Seu toque foi tão delicado que fez meu corpo estremecer.

– Machucou? – Falou baixo, e eu sorri. Neguei com a cabeça, e ela soltou meu rosto. Meu sorriso se desmanchou, e logo voltei a sentir as dores. – Quem fez isso com você? – Ela deu as costas e entrou no quarto, prendendo os cabelos em um rabo de cavalo. Estava com uma blusa folgada branca, short jeans curto e as rasteiras pretas que ela sempre usou.
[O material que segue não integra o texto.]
(* Let $\mathcal{C}$ be a pre-Hilbert $*$-category and let $(s_k\colon A_k\to X)_{k=1}^n$ be a split wide cospan in $\mathcal{C}$. Then the equations \[ t_1=s_1, \qquad t_{m+1} = s_{m+1} - \sum_{k=1}^m t_k (t_k^* t_k)^{-1} t_k^* s_{m+1} \] recursively define an orthogonal wide cospan $(t_k\colon A_k\to X)_{k=1}^n$ of closed monomorphisms such that $t_1\cup t_2\cup\dots\cup t_m = s_1\cup s_2\cup\dots\cup s_m$ (as subobjects of $X$) for each $m\in\{1,\dots,n\}$.
   Context: A $*$-category is a category with a choice of $f^*\colon Y\to X$ for each $f\colon X\to Y$ such that $1^*=1$, $(gf)^*=f^*g^*$, $(f^* )^*=f$. A morphism $f$ is an isometry if $f^*f=1$. An orthonormal biproduct is a biproduct $(X,s_1,r_1,s_2,r_2)$ with $r_k=s_k^*$. A pre-Hilbert $*$-category is a $*$-category with (R1) a zero object, (R2) orthonormal biproducts of all pairs of objects, (R3) an isometric kernel (isometric equaliser with the zero morphism) for every morphism, and (R4) every diagonal $\Delta\colon X\to X\oplus X$ a kernel of some morphism. A pre-Hilbert $*$-category is additive (enriched in abelian groups via its biproducts), which gives the subtraction and sums used. A closed monomorphism is a morphism $f$ with $f^*f$ invertible. A wide cospan $(s_k\colon A_k\to X)_{k=1}^n$ is a finite family of morphisms with common codomain; a retraction of it is a family $(r_k\colon X\to A_k)_{k=1}^n$ with $r_ks_j = 1$ if $j=k$ and $0$ otherwise; the cospan is split if it has a retraction. It is orthogonal if $s_j^*s_k=0$ for all $j\neq k$. The union of subobjects is their supremum in the poset of subobjects of $X$; the union of (subobjects represented by) the legs of a split cospan exists and is represented by $\begin{bmatrix}s_1&\cdots&s_n\end{bmatrix}\colon A_1\oplus\dots\oplus A_n\to X$. *)

(* hom-sets are zmodTypes (the additive enrichment of a
   pre-Hilbert *-category); everything else is stated categorically. *)
From HB Require Import structures.
From mathcomp Require Import all_boot all_algebra.
From Stdlib Require Import ClassicalEpsilon.
Set Implicit Arguments. Unset Strict Implicit. Unset Printing Implicit Defensive.
Import GRing.Theory.
Local Open Scope ring_scope.

Record starcat := StarCat {
  Obj : Type;
  Mor : Obj -> Obj -> zmodType;
  comp : forall X Y Z : Obj, Mor Y Z -> Mor X Y -> Mor X Z;
  idm : forall X : Obj, Mor X X;
  star : forall X Y : Obj, Mor X Y -> Mor Y X
}.
Arguments Mor : clear implicits.
Arguments comp {s X Y Z}.
Arguments idm {s X}.
Arguments star {s X Y}.

Notation "g \oc f" := (comp g f) (at level 40, left associativity).
Notation "f ^*c" := (star f) (at level 2, format "f ^*c").

Section Defs.
Variable C : starcat.

Definition additive_star_category : Prop :=
  (forall (W X Y Z : Obj C) (h : Mor C Y Z) (g : Mor C X Y) (f : Mor C W X),
      h \oc (g \oc f) = (h \oc g) \oc f) /\
  (forall (X Y : Obj C) (f : Mor C X Y), idm \oc f = f /\ f \oc idm = f) /\
  (forall (X Y Z : Obj C) (g g' : Mor C Y Z) (f : Mor C X Y),
      (g + g') \oc f = g \oc f + g' \oc f) /\
  (forall (X Y Z : Obj C) (g : Mor C Y Z) (f f' : Mor C X Y),
      g \oc (f + f') = g \oc f + g \oc f') /\
  (forall X : Obj C, (idm : Mor C X X)^*c = idm) /\
  (forall (X Y Z : Obj C) (g : Mor C Y Z) (f : Mor C X Y),
      (g \oc f)^*c = f^*c \oc g^*c) /\
  (forall (X Y : Obj C) (f : Mor C X Y), (f^*c)^*c = f).

Definition isometry (X Y : Obj C) (f : Mor C X Y) : Prop := f^*c \oc f = idm.

Definition is_zero_object (Z : Obj C) : Prop :=
  forall X : Obj C,
    (exists f : Mor C X Z, forall g : Mor C X Z, g = f) /\
    (exists f : Mor C Z X, forall g : Mor C Z X, g = f).

Definition is_biproduct (A B P : Obj C) (s1 : Mor C A P) (r1 : Mor C P A)
    (s2 : Mor C B P) (r2 : Mor C P B) : Prop :=
  r1 \oc s1 = idm /\ r2 \oc s2 = idm /\ r2 \oc s1 = 0 /\ r1 \oc s2 = 0 /\
  (forall (Y : Obj C) (f1 : Mor C Y A) (f2 : Mor C Y B),
     exists h : Mor C Y P, (r1 \oc h = f1 /\ r2 \oc h = f2) /\
       forall h' : Mor C Y P, r1 \oc h' = f1 -> r2 \oc h' = f2 -> h' = h) /\
  (forall (Y : Obj C) (f1 : Mor C A Y) (f2 : Mor C B Y),
     exists h : Mor C P Y, (h \oc s1 = f1 /\ h \oc s2 = f2) /\
       forall h' : Mor C P Y, h' \oc s1 = f1 -> h' \oc s2 = f2 -> h' = h).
O seu quarto era parecido com o meu. A diferença era que ao invés de uma cama de casal, eram duas de solteiro. Terminou com o cabelo e foi em direção a uma mala rosa e grande que estava entre as duas camas.
– Senta aí. – Ela disse, depois pigarreou. Sua voz já não soava tão preocupada como antes. Me sentei, e a observei mexer em suas coisas. Pegou uma maletinha branca, e parou em minha frente. A cama era bem alta, o que fazia ela parecer mais baixinha do que o normal. Tentei não sorrir, mas não consegui.
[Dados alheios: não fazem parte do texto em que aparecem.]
(* For all formulas $\alpha,\beta,\delta$: (1) $\alpha\land\beta\vDash\alpha$ and $\alpha\land\beta\vDash\beta$; (2) if $\alpha\vDash\beta$ then $\alpha\land\delta\vDash\beta$; (3) $\lnot\lnot\alpha\equiv\alpha$; (4) if $\alpha\vDash\beta$ then $\lnot\beta\vDash\lnot\alpha$; (5) $\mathbf f\vDash\beta$ and $\beta\vDash\mathbf t$.
   Context: Hilbert spaces and states: for $n\ge1$, $\mathcal H^{(n)}=(\mathbb C^2)^{\otimes n}$ with canonical basis $|x_1,\dots,x_n\rangle$ ($x_i\in\{0,1\}$, $|0\rangle=(1,0)$, $|1\rangle=(0,1)$); $\mathfrak D(\mathcal H^{(n)})$ is the set of density operators (qumixes). A truth-perspective is a unitary $\mathfrak T$ on $\mathbb C^2$, $\mathfrak T^{(n)}=\mathfrak T^{\otimes n}$. $^{\mathfrak T}P_1^{(n)}$ (resp. $^{\mathfrak T}P_0^{(n)}$) is the projection onto the span of the $\mathfrak T^{(n)}|x_1,\dots,x_n\rangle$ with $x_n=1$ (resp. $0$). $\mathtt p_{\mathfrak T}(\rho)=\mathrm{tr}(^{\mathfrak T}P_1^{(n)}\rho)$, and $\rho\preceq_{\mathfrak T}\sigma$ iff $\mathtt p_{\mathfrak T}(\rho)\le\mathtt p_{\mathfrak T}(\sigma)$. $Red^{(j_1,\dots,j_s)}_{[n_1,\dots,n_t]}(\rho)$ is the reduced state of $\rho$ on factors $j_1,\dots,j_s$ of $\mathcal H^{(n_1)}\otimes\cdots\otimes\mathcal H^{(n_t)}$. Gates (canonical basis, extended linearly): $\mathtt{NOT}^{(n)}|x_1..x_n\rangle=|x_1..x_{n-1}\rangle\otimes|1-x_n\rangle$; $\sqrt{\mathtt I}^{(n)}|x_1..x_n\rangle=|x_1..x_{n-1}\rangle\otimes\frac1{\sqrt2}((-1)^{x_n}|x_n\rangle+|1-x_n\rangle)$; $\sqrt{\mathtt{NOT}}^{(n)}|x_1..x_n\rangle=|x_1..x_{n-1}\rangle\otimes(\frac{1-i}2|x_n\rangle+\frac{1+i}2|1-x_n\rangle)$; $\mathtt{XOR}^{(m,n)}|x_1..x_m,y_1..y_n\rangle=|x_1..x_m,y_1..y_{n-1}\rangle\otimes|x_m\oplus y_n\rangle$; $\mathtt T^{(m,n,p)}|x_1..x_m,y_1..y_n,z_1..z_p\rangle=|x_1..x_m,y_1..y_n,z_1..z_{p-1}\rangle\otimes|x_my_n\oplus z_p\rangle$ ($\oplus$ addition mod 2). For a gate $G$ on $\mathcal H^{(n)}$: $G_{\mathfrak T}=\mathfrak T^{(n)}G\mathfrak T^{(n)\dagger}$, $^{\mathfrak D}G_{\mathfrak T}(\rho)=G_{\mathfrak T}\rho G_{\mathfrak T}^\dagger$. Language: formulas built from atomic formulas (including distinguished atoms $\mathbf t,\mathbf f$) with unary $\lnot,\sqrt{id},\sqrt\lnot$, binary $\uplus$, ternary $\intercal$; $\alpha\land\beta:=\intercal(\alpha,\beta,\mathbf f)$, $\alpha\lor\beta:=\lnot(\lnot\alpha\land\lnot\beta)$. $At(\alpha)$ = number of occurrences of atomic formulas in $\alpha$. Syntactical tree: $Level_1^\alpha=(\alpha)$; $Level_{i+1}^\alpha$ is obtained from $Level_i^\alpha=(\beta_1,\dots,\beta_r)$ by replacing each non-atomic $\beta_j$ by its immediate subformulas (arguments, in order) and keeping atomic $\beta_j$; the last level $Level_h^\alpha$ lists all atomic occurrences. $\mathcal H^{(At\alpha)}=\bigotimes_j\mathcal H^{(At\beta_j)}$. The $\mathfrak T$-gate $G^\alpha_{\mathfrak T(i)}$ ($1\le i<h$) is the tensor product over $j$ of: identity of $\mathbb C^2$ if $\beta_j$ atomic; $\mathtt{NOT}_{\mathfrak T}^{(At\beta)}$, $\sqrt{\mathtt I}_{\mathfrak T}^{(At\beta)}$, $\sqrt{\mathtt{NOT}}_{\mathfrak T}^{(At\beta)}$ for $\lnot\beta,\sqrt{id}\beta,\sqrt\lnot\beta$; $\mathtt{XOR}_{\mathfrak T}^{(At\beta',At\beta'')}$ for $\beta'\uplus\beta''$; $\mathtt T_{\mathfrak T}^{(At\beta',At\beta'',At\beta''')}$ for $\intercal(\beta',\beta'',\beta''')$. Holistic model: a map $\mathtt{Hol}_{\mathfrak T}$ assigning to each level $Level_i^\alpha$ of each formula $\alpha$ a qumix in $\mathfrak D(\mathcal H^{(At\alpha)})$ such that (a) $\mathtt{Hol}_{\mathfrak T}(Level_i^\alpha)={}^{\mathfrak D}G^\alpha_{\mathfrak T(i)}(\mathtt{Hol}_{\mathfrak T}(Level_{i+1}^\alpha))$ for $1\le i<h$; (b) (normality) for each $\gamma$, with the contextual meaning of the occurrence $\beta_j$ in $Level_i^\gamma=(\beta_1,\dots,\beta_r)$ defined as $Red^{(j)}_{[At\beta_1,\dots,At\beta_r]}(\mathtt{Hol}_{\mathfrak T}(Level_i^\gamma))$, all occurrences of the same subformula $\beta$ in the tree of $\gamma$ have the same contextual meaning, denoted $\mathtt{Hol}^\gamma_{\mathfrak T}(\beta)$; (c) every occurrence of $\mathbf f$ (resp. $\mathbf t$) has contextual meaning $^{\mathfrak T}P_0^{(1)}$ (resp. $^{\mathfrak T}P_1^{(1)}$). Logical consequence: $\alpha\vDash\beta$ iff for every truth-perspective $\mathfrak T$, every formula $\gamma$ having both $\alpha$ and $\beta$ as subformulas (a formula counts as a subformula of itself), and every holistic model $\mathtt{Hol}_{\mathfrak T}$, $\mathtt{Hol}^\gamma_{\mathfrak T}(\alpha)\preceq_{\mathfrak T}\mathtt{Hol}^\gamma_{\mathfrak T}(\beta)$. $\alpha\equiv\beta$ means $\alpha\vDash\beta$ and $\beta\vDash\alpha$. *)

From mathcomp Require Import all_boot all_order all_algebra.
From mathcomp Require Import complex.
From mathcomp Require Import reals Rstruct.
– Olha, aqui dentro tem coisas de primeiros-socorros. Aquilo de gaze, esparadrapo, e todas aquelas merdas que você está precisando.
– Obrigado. – Falei, rindo.
– Mas, eu só vou te dar essas coisas, se você me disser o que aconteceu com você.
– Ah, eu caí... – Menti, e ela revirou os olhos.
– Não falo só disso. Desse seu estado. O que deu em você hoje de manhã? – Ela empurrou meu ombro e eu contraí meu abdômen.
– Ai... – Murmurei.
– Ai, meu Deus, desculpa.
– Tudo bem...
– Tudo bem? – Ela voltou a falar com raiva – Tudo bem o caralho! Como você pode falar aquelas coisas de mim? Meu Deus, você tava com merda na cabeça?
– Olha... – Respirei fundo e continuei – Eu vim aqui exatamente pra te pedir desculpas. – Ela ainda estava em minha frente. Colocou a bolsinha do meu lado, e cruzou os braços.
– Eu sei que fui um idiota. Nunca na minha vida eu devia ter falado aquelas coisas de você. Hoje... no torneio, eu lembrei de tudo. Eu só lembrei das coisas conforme o tempo foi passando. E eu te juro, não consegui sequer subir na prancha. Tudo que eu senti foi, sei lá, vergonha.
– Hm...
– E uma bela de uma ressaca também.
– Então você bebeu. – Ela disse, pegando a bolsa e tirando um spray de dentro. Alice o borrifou e eu fiz careta.
– Sim... – Senti o algodão na minha sobrancelha, depois na minha bochecha.
– E posso imaginar que fumou também. – Colocou gaze nos ferimentos e prendeu com esparadrapo. Fiquei calado, e ela sorriu como se soubesse exatamente o que aconteceu. – Você tem que aprender a controlar suas vontades.

Se ela soubesse o controle que eu estava tendo sobre mim para não agarra-la ali mesmo, ela não teria falado aquilo.

– Eu estava com raiva. – Tentei dar uma desculpa.
– E daí? Eu sinto raiva o tempo todo. Senti raiva hoje de manhã. E não fui pra boates beber e fumar pra aliviar.
– Não fez isso, mas fez outra coisa... – Sussurrei, e olhei pros meus dedos. Já estavam começando a ficar roxos.
– Que coisa? – Ela sentou do meu lado, e me fitou, curiosa.
– Nada não.
– Fala.
– Deixa pra lá. – E ela deixou mesmo. Uma das características mais fortes de Alice é que na segunda vez que você diz "deixa pra lá", ela deixa mesmo. Sempre duas vezes, sempre.
– E como foi que você conseguiu esses roxos no seu rosto, Lucas? – Sua voz doce voltou. Ela colocou uma mão na minha coxa e eu suspirei.
– Ah, eu arranjei briga com um cara numa boate. – Menti.
– Nossa... você é louco. – Ela riu, e eu ri junto com ela. Poderia ouvir aquilo pelo resto dia. Ou pelo resto da minha vida.